Data provided
-----

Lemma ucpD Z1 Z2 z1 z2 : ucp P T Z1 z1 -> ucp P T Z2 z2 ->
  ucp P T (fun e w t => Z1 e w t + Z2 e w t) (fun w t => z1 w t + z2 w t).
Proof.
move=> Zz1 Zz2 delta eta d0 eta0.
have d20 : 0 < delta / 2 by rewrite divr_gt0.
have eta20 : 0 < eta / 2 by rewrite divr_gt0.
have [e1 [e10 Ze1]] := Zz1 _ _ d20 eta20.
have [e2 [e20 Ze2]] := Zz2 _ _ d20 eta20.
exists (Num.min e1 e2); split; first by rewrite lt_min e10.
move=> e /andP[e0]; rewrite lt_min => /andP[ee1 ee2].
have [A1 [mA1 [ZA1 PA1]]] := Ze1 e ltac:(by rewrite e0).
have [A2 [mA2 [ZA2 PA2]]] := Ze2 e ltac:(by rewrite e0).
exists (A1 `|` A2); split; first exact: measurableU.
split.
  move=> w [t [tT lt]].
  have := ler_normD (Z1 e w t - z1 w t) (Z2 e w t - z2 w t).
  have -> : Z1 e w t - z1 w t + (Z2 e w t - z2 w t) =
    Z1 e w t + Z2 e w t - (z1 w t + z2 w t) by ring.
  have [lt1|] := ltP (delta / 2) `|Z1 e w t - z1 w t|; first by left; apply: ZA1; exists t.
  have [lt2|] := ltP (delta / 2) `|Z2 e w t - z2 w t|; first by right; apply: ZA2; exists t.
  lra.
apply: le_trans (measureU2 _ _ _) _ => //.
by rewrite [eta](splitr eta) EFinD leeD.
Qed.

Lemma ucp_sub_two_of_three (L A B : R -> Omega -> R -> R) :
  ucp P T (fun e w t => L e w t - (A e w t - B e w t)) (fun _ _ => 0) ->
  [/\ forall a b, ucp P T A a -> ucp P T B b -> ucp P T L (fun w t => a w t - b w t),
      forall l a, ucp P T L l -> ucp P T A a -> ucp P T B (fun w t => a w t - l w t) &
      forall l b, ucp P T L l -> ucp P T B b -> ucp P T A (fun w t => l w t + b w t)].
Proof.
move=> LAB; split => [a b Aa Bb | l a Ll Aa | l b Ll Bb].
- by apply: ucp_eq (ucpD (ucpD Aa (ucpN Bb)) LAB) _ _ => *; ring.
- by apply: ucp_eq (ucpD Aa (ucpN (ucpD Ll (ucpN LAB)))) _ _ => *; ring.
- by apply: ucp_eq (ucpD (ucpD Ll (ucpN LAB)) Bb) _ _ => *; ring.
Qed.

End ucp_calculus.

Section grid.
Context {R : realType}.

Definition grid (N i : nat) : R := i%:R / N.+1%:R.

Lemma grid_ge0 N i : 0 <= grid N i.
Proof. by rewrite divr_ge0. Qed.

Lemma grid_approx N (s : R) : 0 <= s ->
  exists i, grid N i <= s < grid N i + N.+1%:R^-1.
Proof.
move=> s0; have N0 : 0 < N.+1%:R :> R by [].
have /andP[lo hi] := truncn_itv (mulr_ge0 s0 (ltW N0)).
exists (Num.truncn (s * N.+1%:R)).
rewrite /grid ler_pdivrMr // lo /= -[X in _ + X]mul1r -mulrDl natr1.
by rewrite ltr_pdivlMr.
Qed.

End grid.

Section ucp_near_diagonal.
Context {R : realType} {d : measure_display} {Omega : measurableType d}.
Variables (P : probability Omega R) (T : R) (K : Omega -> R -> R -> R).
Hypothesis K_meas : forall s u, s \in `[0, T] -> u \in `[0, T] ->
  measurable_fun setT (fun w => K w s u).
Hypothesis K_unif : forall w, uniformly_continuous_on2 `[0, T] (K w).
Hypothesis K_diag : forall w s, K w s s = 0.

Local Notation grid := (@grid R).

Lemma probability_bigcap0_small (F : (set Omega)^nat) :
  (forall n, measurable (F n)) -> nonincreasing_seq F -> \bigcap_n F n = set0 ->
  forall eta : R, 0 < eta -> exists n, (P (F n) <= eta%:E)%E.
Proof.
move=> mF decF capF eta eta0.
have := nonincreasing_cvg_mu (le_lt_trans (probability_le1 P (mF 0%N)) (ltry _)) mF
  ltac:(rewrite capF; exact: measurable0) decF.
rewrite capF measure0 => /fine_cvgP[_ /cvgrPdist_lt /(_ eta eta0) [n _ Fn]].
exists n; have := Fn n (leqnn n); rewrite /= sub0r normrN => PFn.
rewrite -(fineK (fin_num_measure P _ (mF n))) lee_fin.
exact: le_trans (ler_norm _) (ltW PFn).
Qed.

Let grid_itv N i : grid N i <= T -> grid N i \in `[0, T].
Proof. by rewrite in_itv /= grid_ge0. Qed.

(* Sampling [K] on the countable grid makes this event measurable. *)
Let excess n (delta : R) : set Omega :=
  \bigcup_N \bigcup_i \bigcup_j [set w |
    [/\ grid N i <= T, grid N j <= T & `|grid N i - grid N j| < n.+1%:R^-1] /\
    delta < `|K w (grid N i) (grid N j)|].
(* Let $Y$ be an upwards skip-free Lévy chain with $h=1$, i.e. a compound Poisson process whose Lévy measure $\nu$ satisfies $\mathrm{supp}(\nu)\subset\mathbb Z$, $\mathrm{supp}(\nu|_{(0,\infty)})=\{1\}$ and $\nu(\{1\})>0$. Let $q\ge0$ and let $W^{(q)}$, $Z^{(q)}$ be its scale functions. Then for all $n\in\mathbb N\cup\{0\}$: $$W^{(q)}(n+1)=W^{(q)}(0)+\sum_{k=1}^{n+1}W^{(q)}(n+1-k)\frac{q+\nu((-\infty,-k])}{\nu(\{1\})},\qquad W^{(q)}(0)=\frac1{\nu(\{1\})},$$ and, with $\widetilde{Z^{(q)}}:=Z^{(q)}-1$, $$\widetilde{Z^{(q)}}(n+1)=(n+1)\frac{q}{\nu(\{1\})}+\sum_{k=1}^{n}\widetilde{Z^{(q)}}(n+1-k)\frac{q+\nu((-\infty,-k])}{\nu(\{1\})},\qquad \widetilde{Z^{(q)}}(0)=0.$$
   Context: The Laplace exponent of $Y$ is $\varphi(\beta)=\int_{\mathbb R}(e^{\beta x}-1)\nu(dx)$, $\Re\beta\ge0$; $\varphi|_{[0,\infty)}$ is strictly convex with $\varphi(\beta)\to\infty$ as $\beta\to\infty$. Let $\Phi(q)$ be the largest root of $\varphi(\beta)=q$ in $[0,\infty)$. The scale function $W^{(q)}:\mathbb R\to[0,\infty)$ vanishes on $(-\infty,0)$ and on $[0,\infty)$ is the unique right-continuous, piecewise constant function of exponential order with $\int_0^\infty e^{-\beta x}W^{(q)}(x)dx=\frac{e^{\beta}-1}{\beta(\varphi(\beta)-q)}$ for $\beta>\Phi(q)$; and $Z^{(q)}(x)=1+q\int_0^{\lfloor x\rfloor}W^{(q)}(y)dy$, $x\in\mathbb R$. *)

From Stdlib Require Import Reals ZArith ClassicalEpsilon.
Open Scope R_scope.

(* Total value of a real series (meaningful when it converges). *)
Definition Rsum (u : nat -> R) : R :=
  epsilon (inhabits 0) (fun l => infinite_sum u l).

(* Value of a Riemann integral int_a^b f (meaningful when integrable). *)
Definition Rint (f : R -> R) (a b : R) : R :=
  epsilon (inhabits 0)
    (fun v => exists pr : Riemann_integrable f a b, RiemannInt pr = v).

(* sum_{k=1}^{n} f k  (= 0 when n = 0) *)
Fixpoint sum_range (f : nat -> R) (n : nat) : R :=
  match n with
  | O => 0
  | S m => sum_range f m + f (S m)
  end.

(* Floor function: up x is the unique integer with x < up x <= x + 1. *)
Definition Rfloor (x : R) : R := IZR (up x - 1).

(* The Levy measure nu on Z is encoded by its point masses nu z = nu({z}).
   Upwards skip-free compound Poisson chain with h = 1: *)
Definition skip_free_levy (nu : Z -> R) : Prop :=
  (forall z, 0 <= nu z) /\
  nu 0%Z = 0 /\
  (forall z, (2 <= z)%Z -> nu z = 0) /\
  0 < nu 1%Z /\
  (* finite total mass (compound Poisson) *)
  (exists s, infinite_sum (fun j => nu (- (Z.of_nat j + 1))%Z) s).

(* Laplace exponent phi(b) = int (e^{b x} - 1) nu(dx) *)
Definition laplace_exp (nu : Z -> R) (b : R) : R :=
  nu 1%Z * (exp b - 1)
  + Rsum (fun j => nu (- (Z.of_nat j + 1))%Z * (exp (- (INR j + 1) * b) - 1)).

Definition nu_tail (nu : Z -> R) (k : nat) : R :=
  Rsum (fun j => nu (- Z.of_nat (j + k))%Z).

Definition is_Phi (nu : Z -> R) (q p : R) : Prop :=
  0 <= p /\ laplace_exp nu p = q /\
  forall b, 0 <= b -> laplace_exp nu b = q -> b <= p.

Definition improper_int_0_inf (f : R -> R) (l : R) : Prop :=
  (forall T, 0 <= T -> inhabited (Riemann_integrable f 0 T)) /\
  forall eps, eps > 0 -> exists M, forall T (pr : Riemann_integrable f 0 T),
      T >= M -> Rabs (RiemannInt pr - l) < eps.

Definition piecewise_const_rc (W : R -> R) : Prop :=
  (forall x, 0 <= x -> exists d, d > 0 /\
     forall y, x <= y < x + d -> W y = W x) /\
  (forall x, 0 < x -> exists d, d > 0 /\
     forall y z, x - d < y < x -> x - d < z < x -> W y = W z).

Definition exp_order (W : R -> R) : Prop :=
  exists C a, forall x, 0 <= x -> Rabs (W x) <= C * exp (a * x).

-----

Exercise requirements
The lines in the records above that include the word "inhabits" must be copied out.

Response below
  epsilon (inhabits 0) (fun l => infinite_sum u l).
  epsilon (inhabits 0)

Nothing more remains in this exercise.